You are viewing a plain text version of this content. The canonical link for it is here.
Posted to issues@spark.apache.org by "shao lo (JIRA)" <ji...@apache.org> on 2015/12/30 20:43:49 UTC
[jira] [Created] (SPARK-12586) Wrong answer with registerTempTable
and union sql query
shao lo created SPARK-12586:
-------------------------------
Summary: Wrong answer with registerTempTable and union sql query
Key: SPARK-12586
URL: https://issues.apache.org/jira/browse/SPARK-12586
Project: Spark
Issue Type: Bug
Affects Versions: 1.5.2
Environment: Windows 7
Reporter: shao lo
The following python script gets the wrong answer unless workarounds are used...
from pyspark import SparkContext
from pyspark.sql import SQLContext
if __name__ == "__main__":
sc = SparkContext(appName="PythonSQLbug")
sqlContext = SQLContext(sc)
data = [(v,) for v in range(1, 5)]
values = sqlContext.createDataFrame(data, ['v_value'])
values.registerTempTable("values")
values.show()
data = [
(3, 1, 1, 1, None),
(2, 1, 1, 1, 3),
(3, 2, 1, 1, None),
(3, 3, 1, 1, 2),
(3, 4, 1, 2, None)]
df1 = sqlContext.createDataFrame(data, ['row', 'col', 'foo', 'bar', 'value'])

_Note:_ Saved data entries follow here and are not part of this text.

Lemma safe_conclusion j prems :
  rule p j prems -> derivable p j -> safe_judg j ->
  (forall j', In j' prems -> safe (judg_out j')) -> safe (judg_out j).
Proof.
  intros Hr Hder Hj Hprem. inversion Hr; subst; simpl in Hj |- *;
    (* most rules return the output of one of their premises *)
    try match type of Hprem with
        | forall j', In j' ?l -> _ =>
            match l with context [?j' :: _] => exact (Hprem j' ltac:(simpl; tauto)) end
        end.
  - eapply (proj1 Hj); eauto.
  - eapply safe_eval_apps_ECon; [exact Hder | exact (proj2 Hj) |].
    intros b Hb. apply (con_premises_Forall2 (fun j => safe (judg_out j))) in Hprem; auto.
    destruct (Forall2_In_r _ _ _ _ Hprem Hb) as [s [_ Hs]]. exact Hs.
  - apply safe_EPair; [apply (Hprem (JEval g s v)) | apply (Hprem (JEval g t w))]; simpl; auto.
  - now apply safe_apps_EFun.
Qed.

Lemma derivable_safe j : derivable p j -> safe_judg j -> safe (judg_out j).
Proof.
  intros Hder. induction Hder as [j prems Hr Hprems IH]. intros Hj.
  apply (safe_conclusion j prems Hr); [econstructor; eauto | exact Hj |].
  intros j' Hj'. apply IH; [exact Hj'|].
  eapply safe_premises; eauto.
Qed.

Lemma occurs_safe_judg T j : valid p T -> safe_judg (droot T) -> occurs j T -> safe_judg j.
Proof.
  intros Hv Hroot Ho. induction Ho as [ts|j' ts t Ht _ IH]; [exact Hroot|].
  inversion Hv as [? ? Hr Hts]; subst.
  apply IH; [auto|].
  apply (safe_premises j' (map droot ts) Hr); [|exact Hroot | apply in_map, Ht].
  intros j'' Hj''. apply in_map_iff in Hj'' as [t' [<- Ht']].
  pose proof (valid_derivable p t' (Hts t' Ht')) as Hder.
  split; [exact Hder | apply derivable_safe, Hder].
Qed.

End Safety.

Theorem lemma2 :
  forall (p : program) (ds : list expr) (b : expr) (T : dtree),
    well_formed p -> cons_free p ->
    Forall is_data ds ->
    sem_tree p ds b T ->
    forall j, occurs j T ->
    forall t, judg_reaches j t ->
    forall c bs, t = apps (ECon c) bs ->
    inB p ds t.
Proof.
  intros p ds b T _ Hcf Hds [cl [rest [_ [Hv Hroot]]]] j Hj t Ht c bs Et.
  assert (Hsafe_root : safe_judg p ds (droot T)).
  { rewrite Hroot. split; [apply safe_init_env, Hds | apply safe_expr_apps_EFun_vars]. }
  assert (Hsafe_j : safe_judg p ds j)
    by exact (occurs_safe_judg p ds Hcf T j Hv Hsafe_root Hj).
  apply (safe_judg_reaches p ds j t Hsafe_j); [|exact Ht | apply con_headed_iff; eauto].
  apply (derivable_safe p ds Hcf); [eapply occurs_derivable; eauto | exact Hsafe_j].
Qed.
Lemma ratio_g_le_ratio_g_g x : 0 < x -> ratio g x <= ratio g (g x).
Proof.
  intros Hx; pose proof (g_pos x Hx).
  assert (Hen : energy x <= g (g x)).
  { apply Rle_plus_epsilon; intros e He.
    set (eps := e / (2 * x)).
    assert (Heps : 0 < eps) by (unfold eps; apply Rdiv_lt_0_compat; lra).
    destruct (defect_sum_small x (4 * eps ^ 2 * x)) as [n Hn]; auto.
    { pose proof (pow_lt eps 2 Heps); nra. }
    pose proof (g_g_ge_energy_sum n x eps Hx Heps).
    pose proof (energy_le_energy_sum n x Hx).
    assert (split_sum defect n x / (4 * eps) <= eps * x).
    { apply Rle_trans with (4 * eps ^ 2 * x / (4 * eps)); [|right; field; lra].
      apply Rmult_le_compat_r; auto; left; apply Rinv_0_lt_compat; lra. }
    assert (2 * eps * x = e) by (unfold eps; field; lra).
    lra. }
  assert (Hdiff : ratio g (g x) - ratio g x = (g (g x) - energy x) * / g x)
    by (unfold ratio, energy; field; lra).
  assert (0 <= (g (g x) - energy x) * / g x) by (apply Rle_mult_inv_pos; lra).
  lra.
Qed.

Definition orbit_ratio (y : R) (k : nat) : R := ratio g (Nat.iter k g y).

Lemma orbit_ratio_growing y : 0 < y -> Un_growing (orbit_ratio y).
Proof. intros Hy k; apply ratio_g_le_ratio_g_g, iter_pos; auto. Qed.

Lemma orbit_ratio_cv y : 0 < y -> exists L, Un_cv (orbit_ratio y) L.
Proof.
  intros Hy; destruct (growing_cv (orbit_ratio y)) as [L HL].
  - apply orbit_ratio_growing; auto.
  - exists 1; intros r [k ->]; left; apply ratio_g_lt_1, iter_pos; auto.
  - exists L; exact HL.
Qed.

Lemma orbit_ratio_le_limit y L k : 0 < y -> Un_cv (orbit_ratio y) L ->
  orbit_ratio y k <= L.
Proof. intros Hy HL; apply growing_ineq; auto; apply orbit_ratio_growing; auto. Qed.

Lemma orbit_limit_pos y L : 0 < y -> Un_cv (orbit_ratio y) L -> 0 < L.
Proof.
  intros Hy HL; pose proof (orbit_ratio_le_limit y L 0 Hy HL).
  pose proof (ratio_g_pos y Hy); unfold orbit_ratio in *; simpl in *; lra.
Qed.

(* With w = g^k y and k -> oo, the ratios g^j w / w and h^m w / w tend to L^j and (1 - L)^m. *)
Lemma orbit_limit_pow_le y L j m : 0 < y -> Un_cv (orbit_ratio y) L ->
  (forall i, (i < m)%nat -> Un_cv (orbit_ratio (Nat.iter i h y)) L) ->
  Nat.iter j g y <= Nat.iter m h y -> L ^ j <= (1 - L) ^ m.
Proof.
  intros Hy HL Hh Hjm.
  set (u k := Nat.iter k g y).
  assert (Hu : forall k, 0 < u k) by (intros k; apply iter_pos; auto).
  apply Rle_cv_lim with (Un := fun k => Nat.iter j g (u k) / u k)
                       (Vn := fun k => Nat.iter m h (u k) / u k).
  - intros k; unfold Rdiv; apply Rmult_le_compat_r; [left; apply Rinv_0_lt_compat; auto|].
    unfold u; rewrite <- Nat.iter_add, Nat.add_comm, Nat.iter_add.
    rewrite <- iter_g_iter_h_comm by auto.
    apply iter_le; auto; apply iter_pos; auto.
  - apply iter_ratio_cv; auto; intros i _.
    apply Un_cv_ext with (fun k => orbit_ratio y (k + i)).
    + intros k; unfold orbit_ratio, u; rewrite Nat.add_comm, Nat.iter_add; reflexivity.
    + apply CV_shift'; exact HL.
  - apply iter_ratio_cv; auto; intros i Hi.
    apply Un_cv_ext with (fun k => 1 - orbit_ratio (Nat.iter i h y) k).
    + intros k; unfold orbit_ratio, u.
      rewrite iter_g_iter_h_comm, ratio_h_eq by (repeat apply iter_pos; auto); reflexivity.
    + apply CV_minus; auto; apply Un_cv_const.
Qed.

df1.registerTempTable("t0")
df1.show()
sql_text = """select row, col, foo, bar, value2 value
from (select row, col, foo, bar, 8 value2 from t0 where row=1 and col=2) s1
union select row, col, foo, bar, value from t0 where not (row=1 and col=2)"""
df2 = sqlContext.sql(sql_text)
df2.registerTempTable("t1")
# # The following 2 line workaround fixes the problem somehow?
# df3 = sqlContext.createDataFrame(df2.collect())
# df3.registerTempTable("t1")
# # The following 4 line workaround fixes the problem too..but takes way longer
# filename = "t1.json"
# df2.write.json(filename, mode='overwrite')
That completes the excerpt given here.